Picking our way across the cables and wiring linking the building with multiple sensors on the grounds outside, we enter the main building. The large warehouse-like space houses the various components of machinery that makes the antenna come alive: generators that provide electricity, two incredibly large and powerful lasers that make up an atmospheric measurement system called Lidar (Light Detection and Ranging) and the actual guts of the radar itself, apart from labs, workshops, administrative areas and a recreation room. In the cavernous main area, vast energies conspire to send beams of electromagnetic radiation up through the antenna outside, beaming it into the atmosphere and analysing the echoes (or returns, as they’re called in the scientific trade) to see how densely the electrons are packed in the atmosphere: Higher density values mean that more solar wind particles have been affecting the atmosphere, meaning the Northern Lights are more powerful.

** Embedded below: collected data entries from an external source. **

Lemma closed_orbits_iter_pow : closed_orbits (iter k T) n = F @` [set` S].
Proof.
apply/seteqP; split=> [A|A [z zS <-]]; last first.
  apply/(closed_orbitsE _ _ n_gt0); eexists; split=> //.
  exact: (cycle_index_exact_period zS).2.
case/(closed_orbitsE _ _ n_gt0) => y [py ->].
have [m [pm mE]] := exact_period_of_iter_pow k_gt0 py.
set g := gcdn m k in mE.
have g_gt0 : (0 < g)%N by rewrite gcdn_gt0 pm.1.
have [bm e] := cycle_unique pm.
have [i _ yE] : orbit_set T m (c m) y by rewrite -e; exact: orbit_set_self.
have zS : (g, i %% g) \in S by rewrite mem_cycle_index /= -mE eqxx bm ltn_pmod.
exists (g, i %% g) => //; rewrite /F /= -mE; apply: (orbit_set_eq py).
have pc := exact_period_iter (i %% g) (c_period pm.1 bm).
have [j hj] := iter_pow_return (i := (i %/ g * g)%N) pc (dvdn_mull _ (dvdnn g)).
rewrite -iterD -divn_eq -yE in hj.
by rewrite -hj; exact: orbit_set_iter.
Qed.

Lemma iter_pow_orbit_inj : {in [set` S] &, injective F}.
Proof.
move=> [g1 j1] [g2 j2]; rewrite !in_setE /= => z1S z2S eF.
have [pc1 pk1] := cycle_index_exact_period z1S.
have [pc2 _] := cycle_index_exact_period z2S.
move: (z1S) (z2S); rewrite !mem_cycle_index /= => /and3P[/eqP gE1 _ j1g] /and3P[_ _ j2g].
have [s _ e] : F (g2, j2) (iter j1 T (c (n * g1))).
  by rewrite -eF; exact: orbit_set_self pk1.
rewrite /= -iterM -iterD in e.
have g12 : g1 = g2.
  apply/eqP; rewrite -(eqn_pmul2l n_gt0); apply/eqP.
  apply: (exact_period_uniq (exact_period_iter j1 pc1)).
  by rewrite e; exact: exact_period_iter.
subst g2; have hm := exact_period_eqmod pc1 e.
have : j1 = j2 %[mod g1].
  rewrite -(modn_dvdm j1 (dvdn_mull n (dvdnn g1))) hm modn_dvdm ?dvdn_mull //.
  have /dvdnP[q ->] : (g1 %| k)%N by rewrite -gE1 dvdn_gcdr.
  by rewrite mulnA modnMDl.
by rewrite !modn_small // => ->.
Qed.

Theorem orbit_count_iter_pow : orbit_count_is (iter k T) n
  (\sum_(g <- divisors k | (gcdn (n * g) k == g) && b (n * g)) g).
Proof.
have uS : uniq S.
  apply: allpairs_uniq_dep; first by rewrite filter_uniq ?divisors_uniq.
    by move=> g _; exact: iota_uniq.
  by move=> [? ?] [? ?] _ _ /= [-> ->].
have -> : (\sum_(g <- divisors k | (gcdn (n * g) k == g) && b (n * g)) g)%N = size S.
  rewrite size_allpairs_dep sumnE big_map -big_filter.
  by apply: eq_bigr => g _; rewrite size_iota.
rewrite /orbit_count_is closed_orbits_iter_pow.
exact: card_eq_trans (inj_card_eq iter_pow_orbit_inj) (card_set_seq uS).
Qed.

End IteratedOrbitCount.

Lemma card_I1P (Y : Type) (A : set Y) : (A #= `I_1)%card ->
  exists2 a, A a & forall a', A a' -> a' = a.
Proof.
move/pcard_eqP => [g]; have [a Aa ga] : (g @` A) 0%N by apply: 'surj_g.
exists a => // a' Aa'; apply: 'inj_g; rewrite ?in_setE //.
by have := 'funS_g Aa'; rewrite /= ltnS leqn0 => /eqP->.
Qed.

Lemma cycle_representatives X (T : X -> X) (b : nat -> bool) : X ->
  (forall m, (0 < m)%N -> orbit_count_is T m (b m)) ->
  exists c : nat -> X,
    (forall m, (0 < m)%N -> b m -> exact_period T m (c m)) /\
    (forall m y, exact_period T m y -> b m /\ orbit_set T m y = orbit_set T m (c m)).
Proof.
move=> x0 HT.
suff /choice[c hc] : forall m, exists x : X, ((0 < m)%N -> b m -> exact_period T m x) /\
    (forall y, exact_period T m y -> b m /\ orbit_set T m y = orbit_set T m x).
  by exists c; split=> [m|m]; [exact: (hc m).1 | exact: (hc m).2].
move=> m; case: (posnP m) => [->|m_gt0]; first by exists x0; split=> // y [].
have cyclesE A := closed_orbitsE T A m_gt0.
move: (HT m m_gt0); rewrite /orbit_count_is; case: (b m) => [/card_I1P[A] | ].
  case/cyclesE => x [px ->] Auniq; exists x; split=> // y py; split=> //.
  by apply: Auniq; apply/cyclesE; exists y.
rewrite II0 card_eq0 => /eqP no_cycle; exists x0; split=> // y py.
have : closed_orbits T m (orbit_set T m y) by apply/cyclesE; exists y.
by rewrite no_cycle.
Qed.
Lemma is_walk_rcons N y t :
  is_walk (@rcons_ffun N y t) = is_walk y && e (y ord_max) t.
Proof.
apply/forallP/andP => [walk_z | [/forallP walk_y last_step] i].
  split; last by have := walk_z ord_max; rewrite widen_lift_max lift0_max
                   rcons_ffun_lift rcons_ffun_last.
  apply/forallP => j; have := walk_z (lift ord_max j).
  by rewrite widen_lift_max lift0_lift_max !rcons_ffun_lift widen_lift_max.
case: (unliftP ord_max i) => [j|] ->.
  by rewrite widen_lift_max lift0_lift_max !rcons_ffun_lift -widen_lift_max.
by rewrite widen_lift_max lift0_max rcons_ffun_lift rcons_ffun_last.
Qed.

Lemma card_walks0 r s : #|walks 0 r s| = (r == s).
Proof.
have walk0 (y : {ffun 'I_1 -> 'I_p}) : is_walk y by apply/forallP => -[].
have max0 : (ord_max : 'I_1) = ord0 by apply/val_inj.
case: (eqVneq r s) => [<-|/negPf neq_rs].
  rewrite (_ : walks 0 r r = [set [ffun => r]]) ?cards1 //.
  apply/setP => y; rewrite !inE max0 walk0 andbT andbb.
  apply/eqP/eqP => [y0|->]; last by rewrite ffunE.
  apply/ffunP => i.
  by rewrite ord1 y0 ffunE.
rewrite (_ : walks 0 r s = set0) ?cards0 //.
apply/setP => y; rewrite !inE max0.
by case: eqP => //= ->; rewrite neq_rs.
Qed.

Lemma card_walksS N r s :
  #|walks N.+1 r s| = (\sum_t #|walks N r t| * e t s)%N.
Proof.
rewrite -sum1_card big_mkcond /= (reindex _ (onW_bij _ (rcons_ffun_bij N))) /=.
rewrite -(pair_bigA _ (fun y t => if rcons_ffun y t \in walks N.+1 r s then 1 else 0)%N) /=.
under eq_bigr => y _.
  under eq_bigr => t _ do
    rewrite inE rcons_ffun_first rcons_ffun_last is_walk_rcons andbCA.
  rewrite (bigD1 s) //= eqxx big1 ?addn0 => [|t /negPf -> //].
  over.
under [RHS]eq_bigr => t _ do rewrite -sum1_card big_mkcond big_distrl /=.
rewrite exchange_big /=; apply: eq_bigr => y _.
rewrite (bigD1 (y ord_max)) //= big1 ?inE ?eqxx ?addn0 => [|t].
  by case: (y ord0 == r); case: (is_walk y); case: (e _ s).
by rewrite inE eq_sym andbCA => /negPf ->.
Qed.

Definition adjmx : 'M[R]_p := \matrix_(i, j) (e i j)%:R.

Lemma card_walks_expmx N r s : (#|walks N r s|)%:R = (adjmx ^+ N) r s.
Proof.
elim: N r s => [|N IHN] r s; first by rewrite card_walks0 expr0 mxE.
rewrite card_walksS exprSr -mulmxE mxE natr_sum; apply: eq_bigr => t _.
by rewrite natrM IHN mxE.
Qed.

End Walks.

Definition strip_adj K : rel 'I_K.+1 := fun i j => (i.+1 == j) || (j.+1 == i).

Lemma transfer_adjmx K : transfer K = adjmx rat (@strip_adj K).
Proof. by apply/matrixP => i j; rewrite !mxE /strip_adj; case: ifP. Qed.

Lemma pathcount_expmx K N (r s : 'I_K.+1) :
  (pathcount K N r s)%:R = (transfer K ^+ N) r s.
Proof.
by rewrite transfer_adjmx -card_walks_expmx; congr (_%:R); apply: eq_card.
Qed.

Section Band.
Variables (R : pzSemiRingType) (p : nat) (A : 'M[R]_p).
Hypothesis A_above : forall i j : 'I_p, (i.+1 < j)%N -> A i j = 0.
Hypothesis A_super : forall i j : 'I_p, i.+1 = j -> A i j = 1.

Lemma expmx_above N (i j : 'I_p) : (i + N < j)%N -> (A ^+ N) i j = 0.
Proof.
elim: N j => [|N IHN] j ltj.
  by rewrite expr0 mxE (_ : i == j = false) //; apply/negbTE; rewrite -val_eqE /=; lia.
rewrite exprSr -mulmxE mxE big1 // => l _.
have [lt_lj | ge_lj] := ltnP l.+1 j; first by rewrite A_above ?mulr0.
by rewrite IHN ?mul0r //; lia.
Qed.

Lemma expmx_super N (i j : 'I_p) : (i + N)%N = j -> (A ^+ N) i j = 1.
Proof.
elim: N j => [|N IHN] j eqj.
  by rewrite expr0 mxE (_ : i == j) //; rewrite -val_eqE /= -eqj addn0.
have lt_pj : (j.-1 < p)%N by have := ltn_ord j; lia.
rewrite exprSr -mulmxE mxE (bigD1 (Ordinal lt_pj)) //= IHN /=; last by lia.
rewrite A_super /= ?mul1r; last by lia.
rewrite big1 ?addr0 // => l; rewrite -val_eqE /= => ne_l.
have [lt_lj | ge_lj] := ltnP l.+1 j; first by rewrite A_above ?mulr0.
by rewrite expmx_above ?mul0r //; lia.
Qed.

End Band.

Lemma mulr_exprM_rotate (R : pzRingType) (x y : R) n : x * (y * x) ^+ n = (x * y) ^+ n * x.
Proof.
elim: n => [|n IHn]; first by rewrite !expr0 mulr1 mul1r.
by rewrite exprSr mulrA IHn exprSr !mulrA.
Qed.

Section ParityOrdinals.
Variable d : nat.

Definition ord_half (i : 'I_d.*2) : 'I_d :=
  Ordinal (etrans (ltn_half_double _ _) (ltn_ord i)).
Definition ord_even (x : 'I_d) : 'I_d.*2 := Ordinal (etrans (ltn_double _ _) (ltn_ord x)).
Definition ord_odd (x : 'I_d) : 'I_d.*2 := Ordinal (etrans (ltn_Sdouble _ _) (ltn_ord x)).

That evening, as I set up my camera on Philippe’s front porch and point it at the sky, which is clear of clouds, I look up and marvel at the amount of technology that is at work that evening, telling me where to point my camera. I was using information developed by scientists and technicians over decades, for what was ultimately a hobby. Of course, this wasn’t entirely for my benefit. The data from Kellyville is distributed across the globe to many researchers who use the measurements to advance humanity’s knowledge about all kinds of subjects—the magnetosphere of Earth, the way solar wind interferes with electronics, the structure of the sun itself. My own limited use of the information is like dipping a very small spoon into an ocean of data.

Behind me, the radar swivels silently, beaming up vast amounts of data and sucking in the returns. Lidar’s narrow, brilliant light stabs upward, like an alien weapon. And, as the night wears on and the stars wheel overhead, a slow shimmer starts developing into a brilliant curtain of light. High above me, the solar wind is beginning its nightly parade across the sky, molecules of oxygen and nitrogen absorbing high energy particles and giving off free electrons and vivid, iridescent light that has fascinated man since the dawn of time. I sit there in the dark, wrapped in fleece and gloves, and let the solar system dance for me.